I’m still employed as a landscaper. I spend my days building lawns for rich people, which has a special sort of irony as I’m someone who believes we could do with altogether fewer lawns and rich people.

It’s a living, and an honest one. There’s an ethic in hard work, and I take pride in how a backbreaking 50-hour week reveals what is truly necessary in life. Besides, my stint in Canadian media prepared me well to serve the rich.


My career might be dead, but I can still write this.

A veteran Al Jazeera journalist won’t be able to use her hand for a while, as it was fractured when she was arrested last month by Israeli forces, simply for doing her job. Associated Press and Al Jazeera journalists can no longer work in their offices in Gaza City, as they were destroyed by Israeli army bombs in May. Yaser Murtaja, and many other Palestinian journalists, can’t write anything anymore, ever.

Israel’s war on truth has real casualties: Human lives, and the stories that were never told.

At CJFE we talked a lot about impunity, that is, the absence of consequences for people whose behaviour would otherwise merit them. We had a whole section of our website devoted to it.

Impunity begins when good people who have the power to speak out do nothing. My termination from the organization contributed to the culture of impunity for Israel’s war on truth. Israel couldn’t bomb the offices of media workers and violently arrest journalists if it didn’t also effectively have allies in the international press that cover up, minimize or justify its excesses.

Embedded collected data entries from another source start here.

Lemma expR_sub1_sqr_div_le v : (expR v - 1) ^+ 2 / expR v <= v ^+ 2 * expR (3 * `|v|).
Proof.
set E := expR `|v|.
have hinv : (expR v)^-1 <= E by rewrite -expRN ler_expR -normrN ler_norm.
have hsq : (expR v - 1) ^+ 2 <= (`|v| * E) ^+ 2.
  rewrite -real_normK ?num_real // lerXn2r ?nnegrE ?mulr_ge0 ?expR_ge0 //.
  exact: expR_sub1_le.
have -> : expR (3 * `|v|) = E ^+ 2 * E by rewrite /E expr2 -!expRD; congr expR; ring.
rewrite mulrA -(real_normK (num_real v)) -exprMn.
by apply: ler_pM; rewrite ?sqr_ge0 ?invr_ge0 ?expR_ge0.
Qed.

Lemma normrM_le_AMGM a b e : 0 < e -> `|a * b| <= 2^-1 * (a ^+ 2 * e + b ^+ 2 / e).
Proof.
move=> e0; rewrite ler_norml; apply/andP; split.
- have : 0 <= (a * e + b) ^+ 2 / e by rewrite divr_ge0 ?sqr_ge0 ?ltW.
  have -> : (a * e + b) ^+ 2 / e = a ^+ 2 * e + 2 * (a * b) + b ^+ 2 / e.
    by field; rewrite gt_eqF.
  lra.
- have : 0 <= (a * e - b) ^+ 2 / e by rewrite divr_ge0 ?sqr_ge0 ?ltW.
  have -> : (a * e - b) ^+ 2 / e = a ^+ 2 * e - 2 * (a * b) + b ^+ 2 / e.
    by field; rewrite gt_eqF.
  lra.
Qed.

Lemma expR_taylor_prod_le a b h r : `|h| <= 1 -> 0 <= r ->
  `|a * b * expR (h * r) - a * b - h * (r * (a * b))|
  <= 2^-1 * h ^+ 2 * ((r * a) ^+ 2 * expR (3 * r) + (r * b) ^+ 2 * expR (3 * r)).
Proof.
move=> h1 r0.
have hab := normrM_le_AMGM a b ltr01; rewrite mulr1 divr1 in hab.
have hT : `|expR (h * r) - 1 - h * r| <= (h * r) ^+ 2 * expR (3 * r).
  apply: le_trans (expR_sub1_sub_le _) _; rewrite ler_wpM2l ?sqr_ge0 // ler_expR.
  by rewrite normrM (ger0_norm r0); nra.
have -> : a * b * expR (h * r) - a * b - h * (r * (a * b))
          = a * b * (expR (h * r) - 1 - h * r) by ring.
have -> : 2^-1 * h ^+ 2 * ((r * a) ^+ 2 * expR (3 * r) + (r * b) ^+ 2 * expR (3 * r))
          = 2^-1 * (a ^+ 2 + b ^+ 2) * ((h * r) ^+ 2 * expR (3 * r)) by ring.
by rewrite normrM; apply: ler_pM (normr_ge0 _) (normr_ge0 _) hab hT.
Qed.

Lemma expR_diff_prod_le d b h r : `|h| <= 1 -> 0 <= r ->
  `|d * b * expR (h * r) - d * b|
  <= 2^-1 * (d ^+ 2 * expR (h * r)) + 2^-1 * h ^+ 2 * ((r * b) ^+ 2 * expR (3 * r)).
Proof.
move=> h1 r0; have e0 := expR_gt0 (h * r).
have hq : (expR (h * r) - 1) ^+ 2 / expR (h * r) <= (h * r) ^+ 2 * expR (3 * r).
  apply: le_trans (expR_sub1_sqr_div_le _) _; rewrite ler_wpM2l ?sqr_ge0 // ler_expR.
  by rewrite normrM (ger0_norm r0); nra.
have -> : d * b * expR (h * r) - d * b = d * (b * (expR (h * r) - 1)) by ring.
apply: le_trans (normrM_le_AMGM _ _ e0) _.
have -> : 2^-1 * h ^+ 2 * ((r * b) ^+ 2 * expR (3 * r))
          = 2^-1 * b ^+ 2 * ((h * r) ^+ 2 * expR (3 * r)) by ring.
have -> : 2^-1 * (d ^+ 2 * expR (h * r) + (b * (expR (h * r) - 1)) ^+ 2 / expR (h * r))
          = 2^-1 * (d ^+ 2 * expR (h * r))
            + 2^-1 * b ^+ 2 * ((expR (h * r) - 1) ^+ 2 / expR (h * r)) by ring.
rewrite lerD2l; apply: ler_wpM2l => //.
by rewrite mulr_ge0 ?sqr_ge0 // invr_ge0 ler0n.
Qed.

End ExpBounds.

Lemma derivable_quadratic_remainder (R : realType) (F : R -> R) (t M C : R) :
  (forall h, `|h| <= 1 -> `|F (h + t) - F t - h * M| <= C * h ^+ 2) ->
  derivable F t 1 /\ derive1 F t = M.
Proof.
move=> hF.
have C0 : 0 <= C.
  by have := hF 1; rewrite normr1 lexx expr1n mulr1 => /(_ isT); apply: le_trans.
have cvF : (fun h : R => h^-1 *: (F (h + t) - F t)) @ 0^' --> M.
  apply/cvgrPdist_le => e e0.
  have d0 : 0 < Num.min 1 (e / (C + 1)) by rewrite lt_min ltr01 divr_gt0 // ltr_wpDl.
  exists (Num.min 1 (e / (C + 1))) => //= h /= hd hn0.
  rewrite sub0r normrN lt_min in hd; case/andP: hd => h1 he.
  have := hF h (ltW h1).
  have -> : M - h^-1 *: (F (h + t) - F t) = - h^-1 * (F (h + t) - F t - h * M).
    by rewrite /GRing.scale /=; field.
  rewrite normrM normrN normrV ?unitfE // ler_pdivrMl ?normr_gt0 // => hle.
  apply: le_trans hle _.
  have ha : `|h| * (C + 1) <= e by rewrite -ler_pdivlMr ?ltW // ltr_wpDl.
  rewrite -(real_normK (num_real h)).
  have := normr_ge0 h.
  nra.
split; last exact: cvg_lim.
rewrite /derivable (_ : (fun h : R => h^-1 *: ((F \o shift t) (h *: 1) - F t))
                        = (fun h : R => h^-1 *: (F (h + t) - F t))).
  exact: cvgP cvF.
by apply/funext => h /=; rewrite /GRing.scale /= mulr1.
Qed.

Section TiltedFamily.
Variables (R : realType) (w : R -> R -> R -> R).
Hypothesis w_ge0 : forall t x y, 0 <= w t x y.
Hypothesis wD : forall h t x y, w (h + t) x y = w t x y * expR (h * sqnorm x y).

Lemma wint_tilt h t f :
  wint (w (h + t)) f = wint (w t) (fun x y => f x y * expR (h * sqnorm x y)).
Proof. by rewrite /wint; apply: eq_Rintegral => z _; rewrite wD mulrA mulrAC. Qed.

Lemma wintegrable_tilt h t f : wintegrable (w (h + t)) f ->
  wintegrable (w t) (fun x y => f x y * expR (h * sqnorm x y)).
Proof. by apply: eq_integrable => // z _; rewrite /= wD mulrA mulrAC. Qed.

(* For |h| <= 1 the factor e^(3 |h| r) produced by the remainder estimates is
   absorbed by passing from W_t to W_(3+t). *)
Lemma wint_tilt_taylor h t a b : `|h| <= 1 ->
  wintegrable (w (h + t)) (fun x y => a x y * b x y) ->
  wintegrable (w t) (fun x y => a x y * b x y) ->
  wintegrable (w t) (fun x y => sqnorm x y * (a x y * b x y)) ->
  wintegrable (w (3 + t)) (fun x y => (sqnorm x y * a x y) ^+ 2) ->
  wintegrable (w (3 + t)) (fun x y => (sqnorm x y * b x y) ^+ 2) ->
  `|wint (w (h + t)) (fun x y => a x y * b x y) - wint (w t) (fun x y => a x y * b x y)
    - h * wint (w t) (fun x y => sqnorm x y * (a x y * b x y))|
  <= 2^-1 * h ^+ 2 * (wint (w (3 + t)) (fun x y => (sqnorm x y * a x y) ^+ 2)
                     + wint (w (3 + t)) (fun x y => (sqnorm x y * b x y) ^+ 2)).
Proof.
move=> h1 /wintegrable_tilt i1 i2 i3 /wintegrable_tilt i4 /wintegrable_tilt i5.
rewrite !wint_tilt -(wintZ h i3) -(wintB i1 i2).
rewrite -(wintB (wintegrableB i1 i2) (wintegrableZ h i3)).
rewrite -(wintD i4 i5) -(wintZ _ (wintegrableD i4 i5)).
apply: normr_wint_le => [|||x y]; first exact: w_ge0.
- exact: wintegrableB (wintegrableB i1 i2) (wintegrableZ h i3).
- exact: wintegrableZ (wintegrableD i4 i5).
- exact: expR_taylor_prod_le h1 (sqnorm_ge0 x y).
Qed.

Lemma wint_tilt_diff h t d b : `|h| <= 1 ->
  wintegrable (w (h + t)) (fun x y => d x y * b x y) ->
  wintegrable (w t) (fun x y => d x y * b x y) ->
  wintegrable (w (h + t)) (fun x y => d x y ^+ 2) ->
  wintegrable (w (3 + t)) (fun x y => (sqnorm x y * b x y) ^+ 2) ->
  `|wint (w (h + t)) (fun x y => d x y * b x y) - wint (w t) (fun x y => d x y * b x y)|
  <= 2^-1 * wint (w (h + t)) (fun x y => d x y ^+ 2)
     + 2^-1 * h ^+ 2 * wint (w (3 + t)) (fun x y => (sqnorm x y * b x y) ^+ 2).
Proof.
move=> h1 /wintegrable_tilt i1 i2 /wintegrable_tilt i3 /wintegrable_tilt i4.
rewrite !wint_tilt -(wintB i1 i2) -(wintZ _ i3) -(wintZ _ i4).
rewrite -(wintD (wintegrableZ _ i3) (wintegrableZ _ i4)).
apply: normr_wint_le => [|||x y]; first exact: w_ge0.
- exact: wintegrableB i1 i2.
- exact: wintegrableD (wintegrableZ _ i3) (wintegrableZ _ i4).
- exact: expR_diff_prod_le h1 (sqnorm_ge0 x y).
Qed.

Section MOPS.
Variable Q : R -> forall n, R -> R -> 'cV[R]_n.+1.
Variables E1 E2 : R -> forall n, 'M[R]_(n.+1, n).
Hypothesis Q_MOPS : forall t, is_MOPS (w t) (Q t).
Hypothesis recx : forall t n x y,
  x *: Q t n x y = L1 n.+1 *m Q t n.+1 x y + E1 t n *m Qprev (Q t) n x y.
Hypothesis recy : forall t n x y,
  y *: Q t n x y = L2 n.+1 *m Q t n.+1 x y + E2 t n *m Qprev (Q t) n x y.

Lemma monic_Q u m : monic_vec (Q u m).
Proof. by case: (Q_MOPS u). Qed.

Variables (t : R) (n : nat).

Lemma Qspan_entry u s k : Qspan (Q u) n.+1 (fun x y => Q s n x y k 0).
Proof. exact: (Qspan_monic (recx u) (recy u) (monic_Q u 0) (monic_Q s n) k). Qed.

Lemma Qspan_entryB u s k :
  Qspan (Q u) n (fun x y => Q s n x y k 0 - Q t n x y k 0).
Proof.
exact: (Qspan_monicB (recx u) (recy u) (monic_Q u 0) k (monic_Q s n) (monic_Q t n)).
Qed.

Lemma wintegrable_sqr_entryB u s k :
  wintegrable (w u) (fun x y => (Q s n x y k 0 - Q t n x y k 0) ^+ 2).
Proof.
have hd := Qspan_entryB u s k.
by apply: (wintegrable_eq (wintegrable_span (Q_MOPS u) hd hd)) => x y; rewrite expr2.
Qed.

Lemma wintegrable_sqnorm_entries u i j :
  wintegrable (w u) (fun x y => sqnorm x y * (Q t n x y i 0 * Q t n x y j 0)).
Proof.
have hi := Qspan_mul_sqnorm (recx u) (recy u) (Qspan_entry u t i).
apply: (wintegrable_eq (wintegrable_span (Q_MOPS u) hi (Qspan_entry u t j))) => x y.
by rewrite mulrA.
Qed.

Lemma wintegrable_sqnorm_entry_sqr u k :
  wintegrable (w u) (fun x y => (sqnorm x y * Q t n x y k 0) ^+ 2).
Proof.
have hk := Qspan_mul_sqnorm (recx u) (recy u) (Qspan_entry u t k).
by apply: (wintegrable_eq (wintegrable_span (Q_MOPS u) hk hk)) => x y; rewrite expr2.
Qed.

Lemma wint_entryB_Q_eq0 s k l :
  wint (w t) (fun x y => (Q s n x y k 0 - Q t n x y k 0) * Q t n x y l 0) = 0.
Proof.
rewrite -(wint_Q_span_eq0 (Q_MOPS t) l (Qspan_entryB t s k)).
by apply: wint_eq => x y; rewrite mulrC.
Qed.

Lemma gram_tilt_split s i j :
  gram (w s) (Q s n) (Q s n) i j
  = wint (w s) (fun x y => Q t n x y i 0 * Q t n x y j 0)
    + wint (w s) (fun x y => (Q s n x y i 0 - Q t n x y i 0) * Q t n x y j 0).
Proof.
have hp k := Qspan_entry s s k; have hq k := Qspan_entry s t k.
have hd k := Qspan_widen (leqnSn n) (Qspan_entryB s s k).
rewrite gramE -[LHS]subr0 -(wint_Q_span_eq0 (Q_MOPS s) i (Qspan_entryB s s j)).
rewrite -(wintB (wintegrable_span (Q_MOPS s) (hp i) (hp j))
                (wintegrable_span (Q_MOPS s) (hp i) (hd j))).
rewrite -(wintD (wintegrable_span (Q_MOPS s) (hq i) (hq j))
                (wintegrable_span (Q_MOPS s) (hd i) (hq j))).
by apply: wint_eq => x y; ring.
Qed.

Let K k := wint (w (3 + t)) (fun x y => (sqnorm x y * Q t n x y k 0) ^+ 2).

Lemma wint_sqr_entryB_le h k : `|h| <= 1 ->
  wint (w (h + t)) (fun x y => (Q (h + t) n x y k 0 - Q t n x y k 0) ^+ 2)
  <= h ^+ 2 * K k.
Proof.
move=> h1; set s := h + t.
have hd := Qspan_entryB s s k; have hd' := Qspan_widen (leqnSn n) hd.
have hdq := wintegrable_span (Q_MOPS s) hd' (Qspan_entry s t k).
have hX : wint (w s) (fun x y => (Q s n x y k 0 - Q t n x y k 0) ^+ 2)
          = - wint (w s) (fun x y => (Q s n x y k 0 - Q t n x y k 0) * Q t n x y k 0).
  rewrite -[RHS]sub0r -(wint_Q_span_eq0 (Q_MOPS s) k hd).
  rewrite -(wintB (wintegrable_span (Q_MOPS s) (Qspan_entry s s k) hd') hdq).
  by apply: wint_eq => x y; ring.
have hdq_t := wintegrable_span (Q_MOPS t)
  (Qspan_widen (leqnSn n) (Qspan_entryB t s k)) (Qspan_entry t t k).
have := wint_tilt_diff h1 hdq hdq_t (wintegrable_sqr_entryB s s k)
  (wintegrable_sqnorm_entry_sqr _ k).
rewrite wint_entryB_Q_eq0 subr0 -/s -/(K k).
have := ler_norm (- wint (w s)
  (fun x y => (Q s n x y k 0 - Q t n x y k 0) * Q t n x y k 0)).
rewrite normrN -hX.
lra.
Qed.

Lemma gram_tilt_taylor i j h : `|h| <= 1 ->
  `|gram (w (h + t)) (Q (h + t) n) (Q (h + t) n) i j - gram (w t) (Q t n) (Q t n) i j
    - h * wint (w t) (fun x y => sqnorm x y * (Q t n x y i 0 * Q t n x y j 0))|
  <= (K i + K j) * h ^+ 2.
Proof.
move=> h1; set s := h + t.
have hq k := Qspan_entry s t k; have hq' k := Qspan_entry t t k.
have hA := wint_tilt_taylor h1 (wintegrable_span (Q_MOPS s) (hq i) (hq j))
  (wintegrable_span (Q_MOPS t) (hq' i) (hq' j)) (wintegrable_sqnorm_entries t i j)
  (wintegrable_sqnorm_entry_sqr _ i) (wintegrable_sqnorm_entry_sqr _ j).
have hB := wint_tilt_diff h1
  (wintegrable_span (Q_MOPS s) (Qspan_widen (leqnSn n) (Qspan_entryB s s i)) (hq j))
  (wintegrable_span (Q_MOPS t) (Qspan_widen (leqnSn n) (Qspan_entryB t s i)) (hq' j))
  (wintegrable_sqr_entryB s s i) (wintegrable_sqnorm_entry_sqr _ j).
have hX := wint_sqr_entryB_le i h1.
rewrite wint_entryB_Q_eq0 subr0 -/s -/(K j) in hB.
rewrite -/s -/(K i) -/(K j) in hA hX.
rewrite gram_tilt_split gramE ler_norml.
move: hA hB; rewrite !ler_norml => /andP[hA1 hA2] /andP[hB1 hB2].
apply/andP; split; lra.
Qed.

Lemma wint_sqnorm_gram i j :
  wint (w t) (fun x y => sqnorm x y * (Q t n x y i 0 * Q t n x y j 0))
  = ((L1 n.+1 *m E1 t n.+1 + L2 n.+1 *m E2 t n.+1 + E1 t n *m L1 n + E2 t n *m L2 n)
     *m gram (w t) (Q t n) (Q t n)) i j.
Proof.
have hQ := Qspan_vecQ (Q t) (ltnSn n).
have hx := gram_integrable_span (Q_MOPS t) (Qspan_vec_scale (recx t) hQ)
                                            (Qspan_vec_scale (recx t) hQ).
have hy := gram_integrable_span (Q_MOPS t) (Qspan_vec_scale (recy t) hQ)
                                            (Qspan_vec_scale (recy t) hQ).
rewrite -addrA addrACA mulmxDl -(gram_rec_sqr (Q_MOPS t) (recx t)).
rewrite -(gram_rec_sqr (Q_MOPS t) (recy t)) mxE !gramE -(wintD (hx i j) (hy i j)).
by apply: wint_eq => x y; rewrite !mxE /sqnorm; ring.
Qed.

Lemma gram_tilt_derive i j :
  derivable (fun s => gram (w s) (Q s n) (Q s n) i j) t 1 /\
  derive1 (fun s => gram (w s) (Q s n) (Q s n) i j) t
  = ((L1 n.+1 *m E1 t n.+1 + L2 n.+1 *m E2 t n.+1 + E1 t n *m L1 n + E2 t n *m L2 n)
     *m gram (w t) (Q t n) (Q t n)) i j.
Proof.
rewrite -wint_sqnorm_gram.
exact: derivable_quadratic_remainder (gram_tilt_taylor i j).
Qed.

End MOPS.

End TiltedFamily.

Lemma Wt_ge0 (R : realType) (a40 a22 a04 t x y : R) : 0 <= Wt a40 a22 a04 t x y.
Proof. exact: expR_ge0. Qed.

Lemma WtD (R : realType) (a40 a22 a04 h t x y : R) :
  Wt a40 a22 a04 (h + t) x y = Wt a40 a22 a04 t x y * expR (h * sqnorm x y).
Proof. by rewrite /Wt /sqnorm -expRD; congr expR; ring. Qed.

Unset Implicit Arguments.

One of the core concerns Off expressed about CJFE that keeps coming back to me is the organization’s “activist” tone. It wasn’t a newspaper; it was an advocacy organization. I know that journalists are allergic to protesting as a rule, but it has its place, including when it comes to a government killing, wounding, arresting and targeting our colleagues. When state overreaches occur, journalists and protesters have common cause in the truth. Any journalist who suggests otherwise is, frankly, doing the government’s work for them.

It saddens me that this controversy I was at the heart of ultimately robbed Canada of an organization that had been a powerful voice for resisting tyranny and helping journalists around the world. While CJFE still exists, it’s only a shell of its former self. And despite the bitterness, I do still support its mission to protect journalists. Having lived through attacks and threats myself, there are few causes I consider to be more important.

I’ve spent the last three years digging holes while the CBC and other media outlets responsible for the backlash that led to my firing have used them to double down on their bizarre pro-Israel bias. In May, on Israeli Independence Day, I found myself shoveling a giant pile of steaming dirt and manure at an Israeli diplomatic building. I did it with a smile on my face and a song in my heart. Despite everything that has happened in the past three years, I thought, maybe I am cut out to be a Canadian journalist.